Ilse's letter first came to the attention of the Einstein scholars in the early 1990's. At least one of the other editors, Dr. Schulmann said, thought the letter might be a product of Ilse's imagination. ''I take it very seriously,'' said Dr. Schulmann, noting that Nicolai was a former lover of Ilse, as well as an older man, in whom it would be natural for her to confide.

He said he saw the letter and the situation it described as an example of Einstein's vaunted ability to detach himself from the people around him. ''The most telling point is that he doesn't care,'' Dr. Schulmann said. ''That's the Einstein we know. He is indifferent to the question of whether he marries one or the other.''

Ilse and her confidant Nicolai also emerge in the new volume as key influences on Einstein's political activities during the war. Shortly after the outbreak of hostilities, Einstein was one of only three people to sign an ''Appeal to Europeans'' deploring the destruction of international culture, making him a hero to the pacifist movement, and he attended meetings of a pacifist political club, the Bund Neues Vaterland. Historians have long thought that Einstein drew up the manifesto, but the evidence, Dr. Schulmann said, suggests that it was actually written by Nicolai, an antiwar crusader, and author of a book called ''The Biology of War.''

But, again, detachment characterized Einstein's actions.
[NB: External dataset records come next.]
Lemma sum_subset_prod (I : finType) (S : {set I}) (F G : I -> R) :
  \sum_(J : {set I} | J \subset S) \prod_(i in S) (if i \in J then F i else G i)
  = \prod_(i in S) (F i + G i).
Proof.
rewrite [RHS](big_mkcond (mem S)) /=.
have -> : \prod_i (if i \in S then F i + G i else 1)
   = \prod_i ((if i \in S then F i else 0) + (if i \in S then G i else 1)).
  by apply: eq_bigr => i _; case: (i \in S); rewrite ?addr0 ?add0r.
rewrite bigA_distr [RHS](bigID (fun J : {set I} => J \subset S)) /=.
rewrite [X in _ = _ + X]big1 ?addr0 => [|J /subsetPn [i iJ iS]]; last first.
  by rewrite (bigD1 i) //= iJ (negbTE iS) mul0r.
apply: eq_bigr => J JS; rewrite big_mkcond /=; apply: eq_bigr => i _.
case: ifP => iS //; case: ifP => // iJ.
by move: (subsetP JS i iJ); rewrite iS.
Qed.

Lemma prod_1D_le_exp (I : finType) (A : {pred I}) (x : I -> R) :
  (forall i, i \in A -> -1 <= x i) -> \prod_(i in A) (1 + x i) <= exp (\sum_(i in A) x i).
Proof.
move=> x_ge_N1; rewrite (big_morph exp (fun a b => esym (expRD a b)) expR0).
apply: ler_prod => i iA; rewrite -lerBlDl sub0r x_ge_N1 //=.
by have /RleP := exp_ineq1_le (x i).
Qed.

Lemma sumr_if_mem (I : finType) (T : {set I}) (a b : R) :
  \sum_i (if i \in T then a else b) = a * #|T|%:R + b * #|~: T|%:R.
Proof.
rewrite (bigID (mem T)) /= (eq_bigr (fun=> a)) => [|i ->//].
rewrite [X in _ + X](eq_bigr (fun=> b)) => [|i /negbTE ->//].
rewrite [X in _ + X](eq_bigl (mem (~: T))) => [|i]; last by rewrite !inE.
by rewrite !sumr_const !mulr_natr.
Qed.

Lemma sum_pairs_sym_le (n : nat) (g : 'I_n * 'I_n -> R) :
  (forall i j, g (i, j) = g (j, i)) -> (forall i, 0 <= g (i, i)) ->
  2 * \sum_(e in pairs n) g e <= \sum_e g e.
Proof.
move=> g_sym g_diag.
have sum_swap : \sum_(e in pairs n) g e = \sum_(e : 'I_n * 'I_n | (e.2 < e.1)%N) g e.
  rewrite (reindex_inj (h := fun e : 'I_n * 'I_n => (e.2, e.1))
                       (P := fun e : 'I_n * 'I_n => (e.2 < e.1)%N)) /=.
    by apply: eq_big => [e|[i j] _]; [rewrite inE | exact: g_sym].
  by move=> [i j] [k l] [-> ->].
have sum_diag : 0 <= \sum_(e : 'I_n * 'I_n | ~~ (e.1 < e.2)%N && ~~ (e.2 < e.1)%N) g e.
  apply: sumr_ge0 => -[i j] /=; rewrite -!leqNgt => /andP[le_ji le_ij].
  by have -> : i = j by apply/val_inj/eqP; rewrite eqn_leq le_ij le_ji.
rewrite [X in _ <= X](bigID (fun e : 'I_n * 'I_n => (e.1 < e.2)%N)) /=.
rewrite [X in _ <= _ + X](bigID (fun e : 'I_n * 'I_n => (e.2 < e.1)%N)) /=.
rewrite [X in _ <= X + _](eq_bigl (fun e => e \in pairs n)) => [|e]; last by rewrite inE.
rewrite [X in _ <= _ + (X + _)](eq_bigl (fun e : 'I_n * 'I_n => (e.2 < e.1)%N)) => [|e].
  by rewrite -sum_swap; lra.
by case: ltngtP.
Qed.
(* For every $h\in\mathcal H$, $T_h:A_h\to\mathcal Y_h$ is a bijection with inverse $S_h$. Moreover: (i) $1-h^\top y>0$ for every $y\in\mathcal Y_h$ (so $S_h$ is well defined on $\mathcal Y_h$); (ii) $S_h(\mathcal Y_h)\subseteq\mathcal X_d$ and $T_h(A_h)\subseteq\mathcal Y_h$; (iii) if $h$ lies in the interior of $\mathcal H$, then $A_h=\mathcal X_d$; (iv) if $h$ lies in the boundary of $\mathcal H$, then $\mathcal Y_h$ is unbounded.
   Context: Fix an integer $d\ge 2$. Let $H\in\mathbb R^{d\times(d-1)}$ have orthonormal columns spanning $T_d:=\{u\in\mathbb R^d:\mathbf 1^\top u=0\}$, and set $\gamma_i:=H^\top e_i\in\mathbb R^{d-1}$ ($i=1,\dots,d$); then $\sum_i\gamma_i=0$ and $\gamma_i^\top\gamma_j=\delta_{ij}-1/d$. Let $\mathcal X_d:=\{x\in\mathbb R^{d-1}:1+\gamma_i^\top x\ge0\ \forall i\}$ and $\mathcal H:=\mathrm{conv}\{\gamma_1,\dots,\gamma_d\}$. For $h\in\mathcal H$ define $A_h:=\{x\in\mathcal X_d:1+h^\top x>0\}$, $\mathcal Y_h:=\{y\in\mathbb R^{d-1}:1+(\gamma_i-h)^\top y\ge 0\ \forall i\}$, $T_h(x):=x/(1+h^\top x)$ for $x\in A_h$, and $S_h(y):=y/(1-h^\top y)$ for $y\in\mathcal Y_h$. *)

From HB Require Import structures.
From mathcomp Require Import all_boot all_order all_algebra.
From mathcomp Require Import all_classical all_reals all_analysis.
Set Implicit Arguments. Unset Strict Implicit. Unset Printing Implicit Defensive.
Import Order.TTheory GRing.Theory Num.Theory.
Import numFieldNormedType.Exports.
Local Open Scope classical_set_scope.
Local Open Scope ring_scope.

Section Defs.
Variables (R : realType) (d : nat).
Notation V := 'cV[R]_(d.-1).

Definition dotv (u v : V) : R := (u^T *m v) 0 0.

Definition gamma (H : 'M[R]_(d, d.-1)) (i : 'I_d) : V :=
  H^T *m (delta_mx i 0 : 'cV[R]_d).

Definition Xd (H : 'M[R]_(d, d.-1)) : set V :=
  [set x | forall i, 0 <= 1 + dotv (gamma H i) x].

Definition Hconv (H : 'M[R]_(d, d.-1)) : set V :=
  [set h | exists lam : 'I_d -> R, (forall i, 0 <= lam i) /\
     \sum_i lam i = 1 /\ h = \sum_i lam i *: gamma H i].

Definition Aset (H : 'M[R]_(d, d.-1)) (h : V) : set V :=
  [set x | Xd H x /\ 0 < 1 + dotv h x].

Definition Yset (H : 'M[R]_(d, d.-1)) (h : V) : set V :=
  [set y | forall i, 0 <= 1 + dotv (gamma H i - h) y].

Definition Tmap (h x : V) : V := (1 + dotv h x)^-1 *: x.
Definition Smap (h y : V) : V := (1 - dotv h y)^-1 *: y.

Definition bdry (A : set V) : set V := closure A `\` interior A.
End Defs.

From HB Require Import structures.
From mathcomp Require Import all_boot all_order all_algebra.
From mathcomp Require Import all_classical all_reals all_analysis.
From mathcomp Require Import ring lra.
Set Implicit Arguments. Unset Strict Implicit. Unset Printing Implicit Defensive.
Import Order.TTheory GRing.Theory Num.Theory.
Import numFieldNormedType.Exports.
Local Open Scope classical_set_scope.
Local Open Scope ring_scope.

(* For h = sum_i lam_i gamma_i in the simplex, gamma_i.gamma_k = delta_ik - 1/d
   gives h.gamma_k = lam_k - 1/d, and 1 + h.x = sum_i lam_i (1 + gamma_i.x) is
   nonnegative on X_d.  The maps are handled by the identities
     1 + (gamma_i - h).T_h(x) = (1 + gamma_i.x) / (1 + h.x),
     1 - h.T_h(x) = 1 / (1 + h.x),      1 + h.S_h(y) = 1 / (1 - h.y),
   and 1 - h.y > 0 on Y_h because summing 1 + gamma_i.y - h.y >= 0 over i,
   with sum_i gamma_i = 0, leaves no room for h.y >= 1.
   If h is interior and 1 + h.x = 0 with x in X_d, then moving h slightly
   towards -x stays in the simplex but makes 1 + h.x negative.
   If h is on the boundary, some lam_k vanishes, and then
   1 + (gamma_i - h).(t gamma_k) = 1 + t delta_ik, so the ray R_+ gamma_k
   lies in Y_h. *)

Section DotProduct.
Variables (R : realType) (d : nat).
Notation V := 'cV[R]_(d.-1).

Lemma dotvE (u v : V) : dotv u v = \sum_j u j 0 * v j 0.
Proof. by rewrite /dotv !mxE; apply: eq_bigr => j _; rewrite !mxE. Qed.

Lemma dotvC (u v : V) : dotv u v = dotv v u.
Proof. by rewrite !dotvE; apply: eq_bigr => j _; rewrite mulrC. Qed.

Lemma dotvDl (u v x : V) : dotv (u + v) x = dotv u x + dotv v x.
Proof. by rewrite !dotvE -big_split; apply: eq_bigr => j _; rewrite !mxE mulrDl. Qed.

Lemma dotvNl (u x : V) : dotv (- u) x = - dotv u x.
Proof. by rewrite !dotvE -sumrN; apply: eq_bigr => j _; rewrite !mxE mulNr. Qed.

Lemma dotvBl (u v x : V) : dotv (u - v) x = dotv u x - dotv v x.
Proof. by rewrite dotvDl dotvNl. Qed.

Lemma dotvZl a (u x : V) : dotv (a *: u) x = a * dotv u x.
Proof. by rewrite !dotvE mulr_sumr; apply: eq_bigr => j _; rewrite !mxE mulrA. Qed.

Lemma dotvZr a (u x : V) : dotv u (a *: x) = a * dotv u x.
Proof. by rewrite dotvC dotvZl dotvC. Qed.

Lemma dotv_suml (I : finType) (F : I -> V) x :
  dotv (\sum_i F i) x = \sum_i dotv (F i) x.
Proof.
rewrite dotvE; under eq_bigr do rewrite summxE mulr_suml.
by rewrite exchange_big /=; apply: eq_bigr => i _; rewrite dotvE.
Qed.

Lemma dotv0r (u : V) : dotv u 0 = 0.
Proof. by rewrite dotvE big1 // => j _; rewrite mxE mulr0. Qed.

Lemma dotvv_gt0 (x : V) : x != 0 -> 0 < dotv x x.
Proof.
move=> x0; have sq_ge0 j : 0 <= x j 0 * x j 0 by rewrite -expr2 sqr_ge0.
rewrite lt_neqAle dotvE sumr_ge0 // andbT eq_sym psumr_eq0 //.
apply: contra x0 => /allP x0; apply/eqP/matrixP => j b; rewrite (ord1 b) mxE.
by have := x0 j (mem_index_enum _); rewrite mulf_eq0 orbb => /eqP.
Qed.

End DotProduct.

Lemma ler_entry_mx_norm (R : realType) m n (A : 'M[R]_(m, n)) i j :
  `|A i j| <= `|A|.
Proof.
by rewrite [leRHS]/Num.Def.normr /= mx_normrE; apply/bigmax_geP; right; exists (i, j).
Qed.

Lemma ler_norm_mulmx_col (R : realType) m n (A : 'M[R]_(m, n)) (v : 'cV_n) i :
  `|(A *m v) i 0| <= (\sum_j `|A i j|) * `|v|.
Proof.
rewrite mxE mulr_suml; apply: le_trans (ler_norm_sum _ _ _) _.
apply: ler_sum => j _; rewrite normrM ler_wpM2l //; exact: ler_entry_mx_norm.
Qed.

Section ProjectiveMaps.
Variables (R : realType) (d : nat) (H : 'M[R]_(d, d.-1)) (h : 'cV[R]_(d.-1)).

Lemma dotv_Tmap x : 1 + dotv h x != 0 -> 1 - dotv h (Tmap h x) = (1 + dotv h x)^-1.
Proof. by move=> nz; rewrite /Tmap dotvZr; field. Qed.

Lemma dotv_Smap y : 1 - dotv h y != 0 -> 1 + dotv h (Smap h y) = (1 - dotv h y)^-1.
Proof. by move=> nz; rewrite /Smap dotvZr; field. Qed.

Lemma TmapK x : 1 + dotv h x != 0 -> Smap h (Tmap h x) = x.
Proof. by move=> nz; rewrite /Smap dotv_Tmap // invrK /Tmap scalerA mulfV ?scale1r. Qed.

Lemma SmapK y : 1 - dotv h y != 0 -> Tmap h (Smap h y) = y.
Proof. by move=> nz; rewrite /Tmap dotv_Smap // invrK /Smap scalerA mulfV ?scale1r. Qed.

Lemma Tmap_Yset x : Aset H h x -> Yset H h (Tmap h x).
Proof.
move=> [Xx hx] i; have nz : 1 + dotv h x != 0 by rewrite gt_eqF.
have -> : 1 + dotv (gamma H i - h) (Tmap h x) = (1 + dotv (gamma H i) x) / (1 + dotv h x).
  by rewrite /Tmap dotvZr dotvBl; field.
by apply: divr_ge0; [exact: Xx | exact: ltW].
Qed.

Lemma Smap_Aset y : Yset H h y -> 0 < 1 - dotv h y -> Aset H h (Smap h y).
Proof.
move=> Yy hy; have nz : 1 - dotv h y != 0 by rewrite gt_eqF.
split; last by rewrite dotv_Smap // invr_gt0.
move=> i; have -> : 1 + dotv (gamma H i) (Smap h y) = (1 + dotv (gamma H i - h) y) / (1 - dotv h y).
  by rewrite /Smap dotvZr dotvBl; field.
by apply: divr_ge0; [exact: Yy | exact: ltW].
Qed.

End ProjectiveMaps.

Section Simplex.
Variables (R : realType) (d : nat) (H : 'M[R]_(d, d.-1)).
Hypothesis d_ge2 : (2 <= d)%N.
Hypothesis HtH : H^T *m H = 1%:M.
Hypothesis rangeH : forall u : 'cV[R]_d,
  ((const_mx 1 : 'cV[R]_d)^T *m u = 0) <-> exists c : 'cV[R]_(d.-1), u = H *m c.
Notation V := 'cV[R]_(d.-1).

Lemma gammaE i a b : gamma H i a b = H i a.
Proof. by rewrite /gamma -trmx_delta -trmx_mul -rowE !mxE. Qed.

Lemma dotv_gamma i (x : V) : dotv (gamma H i) x = (H *m x) i 0.
Proof. by rewrite dotvE mxE; apply: eq_bigr => j _; rewrite gammaE. Qed.

Lemma trmx_mulmx_col (v : 'cV[R]_d) : H^T *m v = \sum_i v i 0 *: gamma H i.
Proof.
apply/matrixP => a b; rewrite summxE [LHS]mxE; apply: eq_bigr => i _.
by rewrite mxE [RHS]mxE gammaE (ord1 b) mulrC.
Qed.

Lemma sum_col_mulmx (x : V) : \sum_i (H *m x) i 0 = 0.
Proof.
have /matrixP/(_ 0 0) centred := (rangeH (H *m x)).2 (ex_intro _ x erefl).
rewrite mxE [RHS]mxE in centred; apply: etrans centred.
by apply: eq_bigr => j _; rewrite !mxE mul1r.
Qed.

Lemma sum_dotv_gamma (y : V) : \sum_i dotv (gamma H i) y = 0.
Proof. by apply: etrans (sum_col_mulmx y); apply: eq_bigr => i _; rewrite dotv_gamma. Qed.

Lemma trmx_mul_const1 : H^T *m (const_mx 1 : 'cV[R]_d) = 0.
Proof.
apply/matrixP => a b; rewrite !mxE; apply: etrans (sum_col_mulmx (delta_mx a 0)).
by apply: eq_bigr => i _; rewrite -colE !mxE mulr1.
Qed.

Lemma sum_gamma : \sum_i gamma H i = 0.
Proof.
apply: etrans trmx_mul_const1; rewrite trmx_mulmx_col.
by apply: eq_bigr => i _; rewrite mxE scale1r.
Qed.

Lemma sum_inv_d : \sum_(i < d) (d%:R : R)^-1 = 1.
Proof. by rewrite sumr_const card_ord -[_ *+ d]mulr_natr mulVf // pnatr_eq0 -lt0n (leq_trans _ d_ge2). Qed.

(* e_i - 1/d is centred, hence equals H c; as H^T H = 1 this forces
   gamma_i = H^T e_i = c, so H gamma_i = e_i - 1/d. *)
Lemma dotv_gamma_gamma k i : dotv (gamma H k) (gamma H i) = (k == i)%:R - (d%:R)^-1.
Proof.
set w : 'cV[R]_d := delta_mx i 0 - (d%:R)^-1 *: const_mx 1.
have w_centred : (const_mx 1 : 'cV[R]_d)^T *m w = 0.
  apply/matrixP => a b; rewrite (ord1 a) (ord1 b) !mxE.
  under eq_bigr do rewrite !mxE mul1r mulr1 andbT.
  rewrite sumrB sum_inv_d (bigD1 i) //= eqxx big1 ?addr0 ?subrr //.
  by move=> j /negbTE ->.
have [c wE] := (rangeH w).1 w_centred.
have gamma_i : gamma H i = c.
  rewrite /gamma -[delta_mx i 0](subrK ((d%:R)^-1 *: const_mx 1)) -/w.
  by rewrite mulmxDr -scalemxAr trmx_mul_const1 scaler0 addr0 wE mulmxA HtH mul1mx.
by rewrite dotv_gamma gamma_i -wE /w !mxE eqxx andbT mulr1.
Qed.

Lemma gamma_neq0 k : gamma H k != 0.
Proof.
have inv_d_lt1 : (d%:R : R)^-1 < 1 by rewrite invf_lt1 ?ltr0n ?ltr1n // (leq_trans _ d_ge2).
apply/eqP => gamma_k0; have := dotv_gamma_gamma k k.
by rewrite gamma_k0 dotv0r eqxx mulr1n; lra.
Qed.

Lemma mulmx_conv_coord lam k : \sum_i lam i = 1 ->
  (H *m (\sum_i lam i *: gamma H i)) k 0 = lam k - (d%:R)^-1.
Proof.
move=> lam1; rewrite -dotv_gamma dotvC dotv_suml.
under eq_bigr do rewrite dotvZl dotvC dotv_gamma_gamma mulrBr.
rewrite sumrB -mulr_suml lam1 mul1r (bigD1 k) //= eqxx mulr1 big1 ?addr0 //.
by move=> j; rewrite eq_sym => /negbTE ->; rewrite mulr0.
Qed.

Lemma Hconv_of_coord (h : V) : (forall i, 0 <= (d%:R)^-1 + (H *m h) i 0) -> Hconv H h.
Proof.
move=> h_ge; exists (fun i => (d%:R)^-1 + (H *m h) i 0); split => //; split.
  by rewrite big_split /= sum_col_mulmx addr0 sum_inv_d.
under eq_bigr do rewrite scalerDl.
rewrite big_split /= -scaler_sumr sum_gamma scaler0 add0r.
by rewrite -trmx_mulmx_col mulmxA HtH mul1mx.
Qed.

Lemma dotv_conv lam (x : V) : \sum_i lam i = 1 ->
  1 + dotv (\sum_i lam i *: gamma H i) x = \sum_i lam i * (1 + dotv (gamma H i) x).
Proof.
move=> lam1; rewrite dotv_suml; under [RHS]eq_bigr do rewrite mulrDr mulr1.
by rewrite big_split /= lam1; congr (_ + _); apply: eq_bigr => i _; rewrite dotvZl.
Qed.

Lemma Hconv_dotv_ge0 h x : Hconv H h -> Xd H x -> 0 <= 1 + dotv h x.
Proof.
move=> [lam [lam_ge0 [lam1 ->]]] Xx.
by rewrite dotv_conv // sumr_ge0 // => i _; rewrite mulr_ge0.
Qed.

Lemma Yset_dotv_lt1 h y : Hconv H h -> Yset H h y -> 0 < 1 - dotv h y.
Proof.
move=> [lam [lam_ge0 [lam1 hE]]] Yy; rewrite ltNge; apply/negP => hy.
have gamma_y_ge0 i : 0 <= dotv (gamma H i) y by have := Yy i; rewrite dotvBl; lra.
have gamma_y0 i : dotv (gamma H i) y = 0.
  have /eqP := sum_dotv_gamma y.
  by rewrite psumr_eq0 // => /allP/(_ i (mem_index_enum _))/eqP.
move: hy; rewrite hE dotv_suml big1 ?subr0 ?ler10 // => i _.
by rewrite dotvZl gamma_y0 mulr0.
Qed.

Lemma Aset_interior h : interior (Hconv H) h -> Aset H h = Xd H.
Proof.
move=> h_int; have /nbhs_normP[e /= e_gt0 ball_conv] := h_int.
apply/seteqP; split => [x [] //|x Xx]; split => //.
rewrite lt_neqAle Hconv_dotv_ge0 ?andbT //; last exact: nbhs_singleton.
apply/eqP => /esym hx0.
have x_neq0 : x != 0.
  by apply/eqP => x0; move: hx0; rewrite x0 dotv0r addr0 => /eqP; rewrite oner_eq0.
have xx_gt0 : 0 < dotv x x := dotvv_gt0 x_neq0.
have nx_ge0 : 0 <= `|x| := normr_ge0 x.
set eps := e / 2 / (`|x| + 1).
have eps_gt0 : 0 < eps by rewrite !divr_gt0 //; lra.
have epsE : eps * (`|x| + 1) = e / 2 by rewrite /eps; field; lra.
have : ball_ (fun v => `|v|) h e (h - eps *: x).
  by rewrite /ball_ /= opprB addrC subrK normrZ gtr0_norm //; nra.
move=> /ball_conv/Hconv_dotv_ge0/(_ Xx); rewrite dotvBl dotvZl; nra.
Qed.

Lemma Hconv_interior lam : (forall i, 0 < lam i) -> \sum_i lam i = 1 ->
  interior (Hconv H) (\sum_i lam i *: gamma H i).
Proof.
move=> lam_gt0 lam1; set h := \sum_i _.
have near_coord i : \forall h' \near h, 0 <= (d%:R)^-1 + (H *m h') i 0.
  apply/nbhs_normP; set C := \sum_j `|H i j| + 1.
  have sum_le_C : \sum_j `|H i j| <= C by rewrite lerDl.
  have C_gt0 : 0 < C by rewrite /C ltr_wpDl ?sumr_ge0.
  exists (lam i / C) => [|h' /= hh']; first by rewrite /= divr_gt0.
  have -> : (H *m h') i 0 = (H *m h) i 0 - (H *m (h - h')) i 0.
    by rewrite mulmxBr !mxE opprB addrC subrK.
  have : `|(H *m (h - h')) i 0| < lam i.
    apply: le_lt_trans (ler_norm_mulmx_col H (h - h') i) _.
    apply: le_lt_trans (ler_wpM2r (normr_ge0 _) sum_le_C) _.
    by rewrite mulrC -ltr_pdivlMr.
  by rewrite mulmx_conv_coord // => /ltr_normlW; lra.
have := filter_forall (nbhs_filter h) near_coord.
by apply: filterS => h' h'_ge0; exact: Hconv_of_coord.
Qed.

Lemma Yset_ray lam k t : \sum_i lam i = 1 -> lam k = 0 -> 0 <= t ->
  Yset H (\sum_i lam i *: gamma H i) (t *: gamma H k).
Proof.
move=> lam1 lam_k0 t_ge0 i.
rewrite dotvZr dotvBl dotv_gamma_gamma [dotv (\sum_i _) _]dotvC dotv_gamma.
by rewrite mulmx_conv_coord // lam_k0 sub0r opprK subrK addr_ge0 ?mulr_ge0.
Qed.

End Simplex.

Lemma ray_not_bounded (R : realType) (V : normedModType R) (A : set V) v :
  v != 0 -> (forall t, 0 <= t -> A (t *: v)) -> ~ bounded_set A.
Proof.
move=> v_neq0 ray_in [M [_ A_le]].
have v_gt0 : 0 < `|v| by rewrite normr_gt0.
set t := (`|M| + 2) / `|v|.
have t_ge0 : 0 <= t by rewrite divr_ge0 // addr_ge0.
have M_lt : M < M + 1 by rewrite ltrDl.
have := A_le (M + 1) M_lt _ (ray_in t t_ge0).
rewrite /= normrZ ger0_norm // /t divfK ?gt_eqF //.
by have := ler_norm M; lra.
Qed.

Theorem proposition3p2 (R : realType) (d : nat) (H : 'M[R]_(d, d.-1)) :
  (2 <= d)%N ->
  H^T *m H = 1%:M ->
  (forall u : 'cV[R]_d,
      ((const_mx 1 : 'cV[R]_d)^T *m u = 0) <-> exists c : 'cV[R]_(d.-1), u = H *m c) ->
  forall h : 'cV[R]_(d.-1), Hconv H h ->
  [/\ ((forall x, Aset H h x -> Yset H h (Tmap h x) /\ Smap h (Tmap h x) = x) /\
       (forall y, Yset H h y -> Aset H h (Smap h y) /\ Tmap h (Smap h y) = y)),
      (forall y, Yset H h y -> 0 < 1 - dotv h y),
      (Smap h @` Yset H h `<=` Xd H /\ Tmap h @` Aset H h `<=` Yset H h),
      (interior (Hconv H) h -> Aset H h = Xd H) &
      (bdry (Hconv H) h -> ~ bounded_set (Yset H h))].
Proof.
move=> d_ge2 HtH rangeH h h_conv.
have h_lt1 y : Yset H h y -> 0 < 1 - dotv h y := Yset_dotv_lt1 rangeH h_conv.
have T_bij x : Aset H h x -> Yset H h (Tmap h x) /\ Smap h (Tmap h x) = x.
  by move=> Ax; split; [exact: Tmap_Yset | apply: TmapK; rewrite gt_eqF //; case: Ax].
have S_bij y : Yset H h y -> Aset H h (Smap h y) /\ Tmap h (Smap h y) = y.
  by move=> Yy; split; [exact: Smap_Aset (h_lt1 y Yy) | rewrite SmapK ?gt_eqF ?h_lt1].
split=> //.
- by split=> _ [z Hz <-]; [case: (S_bij z Hz) => -[] | case: (T_bij z Hz)].
- exact: Aset_interior.
- move=> [_ h_not_int]; have [lam [lam_ge0 [lam1 hE]]] := h_conv.
  have [k lam_k0] : exists k, lam k = 0.
    apply: contrapT => no_zero; apply: h_not_int; rewrite hE.
    apply: (Hconv_interior d_ge2 HtH rangeH) => // i; rewrite lt_neqAle lam_ge0 andbT eq_sym.
    by apply/eqP => lam_i0; apply: no_zero; exists i.
  rewrite hE; apply: (ray_not_bounded (gamma_neq0 d_ge2 HtH rangeH k)) => t t_ge0.
  exact: Yset_ray.
Qed.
At the same time that he was attending antiwar meetings, presumably at the behest of Ilse and Elsa, Dr. Schulmann said, Einstein consulted for a maker of submarine gyroscopes and even tried to design an airplane for the military. In his letters he often said that the war did not intrude on him. ''Why shouldn't one let the servants live happily in the madhouse?'' he wrote to a Swiss friend.